▸ GOAL OF THE EXERCISE
The answer must be every line of the records below that contains the word "existsP", copied out.

▸ RECORDS FOR THE TASK

(* Let $m\ge 2$, let $n_1,\dots,n_m\ge 5$ be odd, and let $\mathcal{C}=\mathcal{C}(C_{n_1},\dots,C_{n_m})$ be the odd chain cycle. Then the vertex cover number of its strong resolving graph is $$\alpha(\mathcal{C}_{SR})=m-1+\left\lfloor\frac{n_1}{2}\right\rfloor+\left\lfloor\frac{n_m}{2}\right\rfloor+\sum_{i=2}^{m-1}\left\lfloor\frac{n_i-2}{2}\right\rfloor.$$
   Context: Let $C_{n_1},\dots,C_{n_m}$ be pairwise disjoint cycles, $V(C_{n_i})=\{v^i_1,\dots,v^i_{n_i}\}$ with $v^i_j$ adjacent to $v^i_{j+1}$ (indices mod $n_i$). The odd chain cycle (all $n_i$ odd) is obtained by identifying $v^i_{(n_i+1)/2+1}$ with $v^{i+1}_1$ for $i=1,\dots,m-1$. A vertex $u$ is maximally distant from $v$ if every neighbor $w$ of $u$ satisfies $d(v,w)\le d(u,v)$; $u,v$ are mutually maximally distant if each is maximally distant from the other. The strong resolving graph $G_{SR}$ of a connected graph $G$ has vertex set $V(G)$, with $u,v$ adjacent iff they are mutually maximally distant in $G$. $\alpha(H)$ denotes the minimum size of a vertex cover of $H$. *)

From mathcomp Require Import all_boot.
Set Implicit Arguments. Unset Strict Implicit. Unset Printing Implicit Defensive.

Fixpoint walkb (T : finType) (e : rel T) (k : nat) (u v : T) : bool :=
  match k with
  | 0 => u == v
  | k'.+1 => [exists w, e u w && walkb e k' w v]
  end.

(* Graph distance: the least k with a walk of length k from u to v.
   (In a connected graph on |T| vertices it is < |T|; this is the usual distance.) *)
Definition dist (T : finType) (e : rel T) (u v : T) : nat :=
  find (fun k => walkb e k u v) (iota 0 #|T|).

Definition max_dist_from (T : finType) (e : rel T) (u v : T) : bool :=
  [forall w, e u w ==> (dist e v w <= dist e u v)].

Definition mutually_max_dist (T : finType) (e : rel T) (u v : T) : bool :=
  max_dist_from e u v && max_dist_from e v u.

Definition strong_resolving_graph (T : finType) (e : rel T) : rel T :=
  fun u v => (u != v) && mutually_max_dist e u v.

Definition vertex_cover (T : finType) (e : rel T) (S : {set T}) : bool :=
  [forall u, forall v, e u v ==> (u \in S) || (v \in S)].

Definition vertex_cover_number (T : finType) (e : rel T) : nat :=
  \big[minn/#|T|]_(S : {set T} | vertex_cover e S) #|S|.

(* Cycles are indexed by i : 'I_m, cycle i (0-based) being C_{n (i+1)};
   its vertex j : 'I_(n (i+1)) is v^{i+1}_{j+1}. *)
Definition cyc_vert (m : nat) (n : nat -> nat) := {i : 'I_m & 'I_(n i.+1)}.

Definition cyc_adj (m : nat) (n : nat -> nat) (a b : cyc_vert m n) : bool :=
  (tag a == tag b :> nat) &&
  ((val (tagged b) == (val (tagged a)).+1 %% n (tag a).+1) ||
   (val (tagged a) == (val (tagged b)).+1 %% n (tag a).+1)).

(* a (in the disjoint union) is glued to u: either a = u, or a = v^{i+1}_1 with
   i >= 1 (0-based cycle index) and u = v^{i}_{(n_i+1)/2+1}, i.e. 0-based
   cycle index i-1 and 0-based position (n_i+1)/2. *)
Definition glued (m : nat) (n : nat -> nat) (a u : cyc_vert m n) : bool :=
  (a == u) ||
  [&& 0 < tag a, val (tagged a) == 0, (tag u).+1 == tag a
    & val (tagged u) == (n (tag a) + 1)./2].

(* canonical representatives: all vertices except the v^{i+1}_1, i >= 2 (1-based) *)
Definition canon (m : nat) (n : nat -> nat) (a : cyc_vert m n) : bool :=
  ~~ ((0 < tag a) && (val (tagged a) == 0)).

Definition chain_vert (m : nat) (n : nat -> nat) := {a : cyc_vert m n | canon a}.

(* adjacency of the odd chain cycle (quotient of the disjoint union of cycles) *)
Definition chain_adj (m : nat) (n : nat -> nat) : rel (chain_vert m n) :=
  fun u v => [exists a, exists b,
               [&& cyc_adj a b, glued a (val u) & glued b (val v)]].

Arguments chain_adj m n : clear implicits.

From mathcomp Require Import all_boot.
From mathcomp Require Import zify.
Set Implicit Arguments. Unset Strict Implicit. Unset Printing Implicit Defensive.

(* Cycle i (0-based, i < m) is Z_N with N = n_{i+1} = 2 K_i + 1, and its vertex 0 is,
   for i > 0, the vertex G_{i-1} = K_{i-1} + 1 of cycle i-1 (the gate to cycle i).
   1. Distances.  An explicit formula [cdist] (walk inside the cycle to the gate towards
      the target, cross each intermediate cycle at cost K, then walk to the target) is
      the graph distance, by the general criterion [dist_potential]: a potential that
      vanishes only at v, is 1-Lipschitz along edges and decreases along some edge out of
      every other vertex is the distance to v.
   2. Upper bound.  Vertices at positions 2..K_i+1 of their cycle are pairwise not
      mutually maximally distant ([inner_independent]), so the 1 + sum K_i other
      vertices form a vertex cover.
   3. Lower bound.  Two non-cut vertices of a cycle at cyclic distance K are adjacent in
      the strong resolving graph, and t |-> t K mod N runs through such pairs, so a cover
      meets each cycle in about half of its vertices ([path_cover_count]).  Edges from
      positions <= 1 of a cycle to positions K, K+1 of a later cycle show that at most
      one cycle can meet the smaller per-cycle bound, whence 1 + sum K_i. *)

Lemma walk_length_ge_potential (T : finType) (e : rel T) (v : T) (f : T -> nat) :
  f v = 0 -> (forall x y, e x y -> f x <= (f y).+1) ->
  forall k x, walkb e k x v -> f x <= k.
Proof.
move=> f0 f_lip; elim=> [|k IH] x /=; first by move/eqP->; rewrite f0.
case/existsP=> w /andP[exw /IH fw]; exact: leq_trans (f_lip _ _ exw) _.
Qed.

Lemma walk_along_potential (T : finType) (e : rel T) (v : T) (f : T -> nat) :
  (forall x, f x = 0 -> x = v) ->
  (forall x, 0 < f x -> exists y, e x y /\ (f y).+1 = f x) ->
  forall x, walkb e (f x) x v.
Proof.
move=> f0 f_desc x; move Hd: (f x) => d; elim: d x Hd => [|d IH] x fx /=.
  by rewrite (f0 _ fx).
have [y [exy fy]] : exists y, e x y /\ (f y).+1 = f x by apply: f_desc; rewrite fx.
apply/existsP; exists y; rewrite exy /=; apply: IH; rewrite fx in fy; by case: fy.
Qed.

(* A descending potential takes every value below f x, so f x < #|T|; this ensures
   the walk above lies within the search range of [dist]. *)
Lemma potential_lt_card (T : finType) (e : rel T) (f : T -> nat) :
  (forall x, 0 < f x -> exists y, e x y /\ (f y).+1 = f x) ->
  forall x, f x < #|T|.
Proof.
move=> f_desc x.
have values_below : forall d z, f z = d -> forall t, t <= d -> exists y, f y = t.
  elim=> [|d IH] z fz t ht; first by exists z; lia.
  case: (ltngtP t d.+1) ht => // [ltd _ | -> _]; last by exists z.
  have [y [_ fy]] : exists y, e z y /\ (f y).+1 = f z by apply: f_desc; rewrite fz.
  rewrite fz in fy; case: fy => fy; exact: (IH y fy t).
have sub : {subset iota 0 (f x).+1 <= undup (map f (enum T))}.
  move=> t; rewrite mem_iota add0n /= => ht.
  have [y <-] := values_below _ x erefl t ht.
  by rewrite mem_undup; apply: map_f; rewrite mem_enum.
have := uniq_leq_size (iota_uniq 0 (f x).+1) sub.
rewrite size_iota => H; apply: (leq_trans H).
by rewrite cardE -(size_map f); apply: size_undup.
Qed.

Lemma dist_potential (T : finType) (e : rel T) (v : T) (f : T -> nat) :
  f v = 0 -> (forall x, f x = 0 -> x = v) ->
  (forall x y, e x y -> f x <= (f y).+1) ->
  (forall x, 0 < f x -> exists y, e x y /\ (f y).+1 = f x) ->
  forall x, dist e x v = f x.
Proof.
move=> f0 f0_v f_lip f_desc x; rewrite /dist.
set P := fun k => walkb e k x v.
have Pfx : P (f x) := walk_along_potential f0_v f_desc x.
have fx_lt := potential_lt_card f_desc x.
have hasP : has P (iota 0 #|T|) by apply/hasP; exists (f x); rewrite ?mem_iota.
have find_lt : find P (iota 0 #|T|) < #|T|.
  by rewrite -[X in _ < X](size_iota 0) -has_find.
have := nth_find 0 hasP; rewrite nth_iota // add0n => /(walk_length_ge_potential f0 f_lip).
case: (ltnP (f x) (find P (iota 0 #|T|))) => [lt_fx _ | le_find le_fx]; last by lia.
by have := before_find 0 lt_fx; rewrite nth_iota // add0n Pfx.
Qed.

(* Covering a path: each edge of an r-path has an endpoint in C, so counting edges
   against the vertices of C (endpoints of the path counted once) gives the bound. *)
Lemma path_cover_count (T : eqType) (r : rel T) (C : pred T) :
  (forall x y, r x y -> C x || C y) ->
  forall s x, path r x s ->
  size s + C x + C (last x s) <= 2 * count C (x :: s).
Proof.
move=> r_cov; elim=> [|y s IH] x /=; first by rewrite addn0; case: (C x).
case/andP=> /r_cov Cxy /IH; rewrite /= => H.
move: Cxy H; case: (C x); case: (C y) => //= _; lia.
Qed.

Lemma vertex_coverP (T : finType) (e : rel T) (S : {set T}) :
  vertex_cover e S -> forall x y, e x y -> (x \in S) || (y \in S).
Proof. by move=> /forallP covS x y; move: (covS x) => /forallP /(_ y) /implyP. Qed.

Lemma big_minn_le (I : eqType) (r : seq I) (P : pred I) (F : I -> nat) x i0 :
  i0 \in r -> P i0 -> \big[minn/x]_(i <- r | P i) F i <= F i0.
Proof.
elim: r => // a r IH; rewrite inE big_cons => /orP[/eqP <- -> | r_i0 P_i0].
  exact: geq_minl.
case: (P a); last exact: IH.
by apply: leq_trans (geq_minr _ _) (IH r_i0 P_i0).
Qed.

Lemma vertex_cover_numberE (T : finType) (e : rel T) (S : {set T}) (k : nat) :
  vertex_cover e S -> #|S| = k -> (forall C : {set T}, vertex_cover e C -> k <= #|C|) ->
  vertex_cover_number e = k.
Proof.
move=> covS <- lb; apply/eqP; rewrite eqn_leq; apply/andP; split.
  exact: (big_minn_le (fun S0 : {set T} => #|S0|) _ (mem_index_enum S) covS).
apply: (big_ind (fun x => #|S| <= x)); first exact: max_card.
- by move=> a b ha hb; rewrite leq_min ha hb.
- exact: lb.
Qed.

Lemma sum_indicator m k : k < m -> \sum_(i < m) (i == k :> nat) = 1.
Proof.
move=> lt_km; rewrite (bigD1 (Ordinal lt_km)) //= eqxx big1 // => j.
by rewrite -val_eqE /=; case: eqP.
Qed.

Lemma last_iota a l : last a (iota a.+1 l) = a + l.
Proof. by elim: l a => [|l IH] a /=; rewrite ?addn0 // IH addnS. Qed.

Lemma path_iota (r : rel nat) a l :
  (forall t, a <= t < a + l -> r t t.+1) -> path r a (iota a.+1 l).
Proof.
elim: l a => [|l IH] a h //=; apply/andP; split; first by apply: h; lia.
by apply: IH => t ht; apply: h; lia.
Qed.

Definition ring_adj (N p q : nat) : bool := (q == (p + 1) %% N) || (p == (q + 1) %% N).
Definition gap (p q : nat) : nat := (p - q) + (q - p).
Definition ring_dist (N p q : nat) : nat := minn (gap p q) (N - gap p q).

Lemma succ_mod N p : p < N -> (p + 1) %% N = if p + 1 == N then 0 else p + 1.
Proof.
move=> ltpN; case: eqP => [->|ne]; first by rewrite modnn.
by rewrite modn_small //; lia.
Qed.

Lemma ring_adjE N p q : p < N -> q < N ->
  ring_adj N p q <->
  (q = p + 1 \/ p = q + 1 \/ (p = N - 1 /\ q = 0) \/ (q = N - 1 /\ p = 0)).
Proof.
move=> hp hq; rewrite /ring_adj (succ_mod hp) (succ_mod hq).
case: ifP => /eqP e1; case: ifP => /eqP e2;
  (split => [/orP [/eqP|/eqP]|h]; [lia|lia|]);
  apply/orP; (case: eqP => h1; [by left|right; apply/eqP; lia]).
Qed.

Lemma ring_dist_sym N p q : ring_dist N p q = ring_dist N q p.
Proof. rewrite /ring_dist /gap; lia. Qed.

Lemma ring_dist_xx N p : ring_dist N p p = 0.
Proof. rewrite /ring_dist /gap; lia. Qed.

Lemma ring_dist_eq0 N p q : p < N -> q < N -> (ring_dist N p q == 0) = (p == q).
Proof. move=> hp hq; apply/eqP/eqP; rewrite /ring_dist /gap; lia. Qed.

Lemma ring_dist_lipschitz N p q t : p < N -> q < N -> t < N ->
  ring_adj N p q -> ring_dist N p t <= (ring_dist N q t).+1.
Proof. move=> hp hq ht /(ring_adjE hp hq); rewrite /ring_dist /gap; lia. Qed.

Lemma ring_dist_descent N p t : p < N -> t < N -> 0 < ring_dist N p t ->
  exists q, [/\ q < N, ring_adj N p q & (ring_dist N q t).+1 = ring_dist N p t].
Proof.
move=> hp ht pos_d.
have step : forall q, q < N ->
    (q = p + 1 \/ p = q + 1 \/ (p = N - 1 /\ q = 0) \/ (q = N - 1 /\ p = 0)) ->
    (ring_dist N q t).+1 = ring_dist N p t ->
  exists q, [/\ q < N, ring_adj N p q & (ring_dist N q t).+1 = ring_dist N p t].
  by move=> q hq ha hc; exists q; split => //; apply/(ring_adjE hp hq).
rewrite /ring_dist /gap in step pos_d *.
case: (ltnP p t) => hpt.
  case: (leqP (t - p).*2 N) => hk; first by apply: (step (p + 1)); lia.
  case: (posnP p) => hp0; first by apply: (step (N - 1)); lia.
  by apply: (step (p - 1)); lia.
case: (leqP (p - t).*2 N) => hk; first by apply: (step (p - 1)); lia.
case: (ltnP (p + 1) N) => hp1; first by apply: (step (p + 1)); lia.
by apply: (step 0); lia.
Qed.

Lemma ring_dist_le_rad K p q : p < K.*2.+1 -> q < K.*2.+1 -> ring_dist K.*2.+1 p q <= K.
Proof. rewrite /ring_dist /gap; lia. Qed.

Lemma ring_dist_0_opp K : ring_dist K.*2.+1 0 K.+1 = K.
Proof. rewrite /ring_dist /gap; lia. Qed.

▸ ANSWER
case/existsP=> w /andP[exw /IH fw]; exact: leq_trans (f_lip _ _ exw) _.
apply/existsP; exists y; rewrite exy /=; apply: IH; rewrite fx in fy; by case: fy.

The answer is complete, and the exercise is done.